Exercise description >>
Your output is to consist only of the line containing "Definition ER_le (x" and the lines after it, through the end of the data, reproduced exactly.

Records from a data source
(* Let $\mathbf S=\{S^m\}$, $\mathbf Z=\{Z_m\}$ be a general source with general two-sided information and $d_m$ a general sequence of distortion functions. Then $\underline{R_{\mathbf S|\mathbf Z}}(D_E)\le\underline H(\mathbf S|\mathbf Z)$ for every $D_E\ge D'_{E,\min}$, where $D'_{E,\min}=\inf_{\mathbf g}\overline D(\mathbf S,\mathbf g(\mathbf S))$. Moreover, if $\check{\mathcal S}^m=\mathcal S^m$, $d_m(s^m,\check s^m)=1\{s^m\ne\check s^m\}$ and $D_E=0$, then $\underline{R_{\mathbf S|\mathbf Z}}(0)=\underline H(\mathbf S|\mathbf Z)$.
   Context: A general source with general two-sided information: for each $m\ge1$, $(S^m,Z_m)$ is a pair of random variables with an arbitrary joint distribution $P_{S^mZ_m}$ on a finite set $\mathcal S^m\times\mathcal Z_m$; $\check{\mathcal S}^m$ are finite reconstruction sets and $d_m:\mathcal S^m\times\check{\mathcal S}^m\to[0,\infty)$ is an arbitrary sequence of distortion functions. All logarithms are base 2. For real random variables $\{B_m\}$: $\operatorname{p\text{-}liminf}_mB_m=\sup\{r:\lim_m\mathbb P(B_m<r)=0\}$, $\operatorname{p\text{-}limsup}_mB_m=\inf\{r:\lim_m\mathbb P(B_m>r)=0\}$. Definitions: $\underline H(\mathbf S|\mathbf Z)=\operatorname{p\text{-}liminf}_m\frac1m\log\frac{1}{P_{S^m|Z_m}(S^m|Z_m)}$; $\overline I(\mathbf S;\tilde{\mathbf S}|\mathbf Z)=\operatorname{p\text{-}limsup}_m\frac1m\log\frac{P_{\tilde S^m|S^mZ_m}(\tilde S^m|S^m,Z_m)}{P_{\tilde S^m|Z_m}(\tilde S^m|Z_m)}$; $\underline D(\mathbf S,\tilde{\mathbf S})=\inf\{d:\liminf_m\mathbb P[d_m(S^m,\tilde S^m)\ge d]<1\}$ and $\overline D(\mathbf S,\tilde{\mathbf S})=\operatorname{p\text{-}limsup}_m d_m(S^m,\tilde S^m)$. $\mathbf g$ ranges over sequences of functions $g^m:\mathcal S^m\to\check{\mathcal S}^m$, and $\mathbf g(\mathbf S)=\{g^m(S^m)\}$. With $D_{E,\min}=\inf_{\mathbf g}\underline D(\mathbf S,\mathbf g(\mathbf S))$, the lossy-equivocation is $\underline{R_{\mathbf S|\mathbf Z}}(D_E)=\inf_{P_{\check{\mathbf S}|\mathbf S\mathbf Z}:\underline D(\mathbf S,\check{\mathbf S})\le D_E}\overline I(\mathbf S;\check{\mathbf S}|\mathbf Z)$ for $D_E\ge D_{E,\min}$ (infimum over sequences of conditional distributions $P_{\check S^m|S^mZ_m}$ on $\check{\mathcal S}^m$) and $\underline{R_{\mathbf S|\mathbf Z}}(D_E)=+\infty$ for $D_E<D_{E,\min}$. *)

From mathcomp Require Import all_boot.
From Stdlib Require Import Reals ClassicalEpsilon.
Set Implicit Arguments.
Unset Strict Implicit.
Unset Printing Implicit Defensive.

Local Open Scope R_scope.

Inductive ER := ERfin (r : R) | ERpinf | ERninf.

Definition ER_le (x y : ER) : Prop :=
  match x, y with
  | ERninf, _ => True
  | _, ERpinf => True
  | ERfin a, ERfin b => a <= b
  | _, _ => False
  end.

Definition ER_lt (x y : ER) : Prop := ER_le x y /\ x <> y.

Definition ER_opp (x : ER) : ER :=
  match x with ERfin r => ERfin (- r) | ERpinf => ERninf | ERninf => ERpinf end.

(* supremum of a set of extended reals (sup of the empty set is -oo) *)
Definition ER_sup (A : ER -> Prop) : ER :=
  if excluded_middle_informative
       (A ERpinf \/ ~ bound (fun r => A (ERfin r)))
  then ERpinf
  else if excluded_middle_informative (exists r, A (ERfin r))
  then ERfin (epsilon (inhabits 0) (is_lub (fun r => A (ERfin r))))
  else ERninf.

(* infimum of a set of extended reals (inf of the empty set is +oo) *)
Definition ER_inf (A : ER -> Prop) : ER :=
  ER_opp (ER_sup (fun x => A (ER_opp x))).

Definition ER_liminf (a : nat -> R) : ER :=
  ER_sup (fun x => exists N : nat,
            x = ER_inf (fun y => exists m : nat, (N <= m)%nat /\ y = ERfin (a m))).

Answer to this problem >>
Definition ER_le (x y : ER) : Prop :=
  match x, y with
  | ERninf, _ => True
  | _, ERpinf => True
  | ERfin a, ERfin b => a <= b
  | _, _ => False
  end.

Definition ER_lt (x y : ER) : Prop := ER_le x y /\ x <> y.

Definition ER_opp (x : ER) : ER :=
  match x with ERfin r => ERfin (- r) | ERpinf => ERninf | ERninf => ERpinf end.

(* supremum of a set of extended reals (sup of the empty set is -oo) *)
Definition ER_sup (A : ER -> Prop) : ER :=
  if excluded_middle_informative
       (A ERpinf \/ ~ bound (fun r => A (ERfin r)))
  then ERpinf
  else if excluded_middle_informative (exists r, A (ERfin r))
  then ERfin (epsilon (inhabits 0) (is_lub (fun r => A (ERfin r))))
  else ERninf.

(* infimum of a set of extended reals (inf of the empty set is +oo) *)
Definition ER_inf (A : ER -> Prop) : ER :=
  ER_opp (ER_sup (fun x => A (ER_opp x))).

Definition ER_liminf (a : nat -> R) : ER :=
  ER_sup (fun x => exists N : nat,
            x = ER_inf (fun y => exists m : nat, (N <= m)%nat /\ y = ERfin (a m))).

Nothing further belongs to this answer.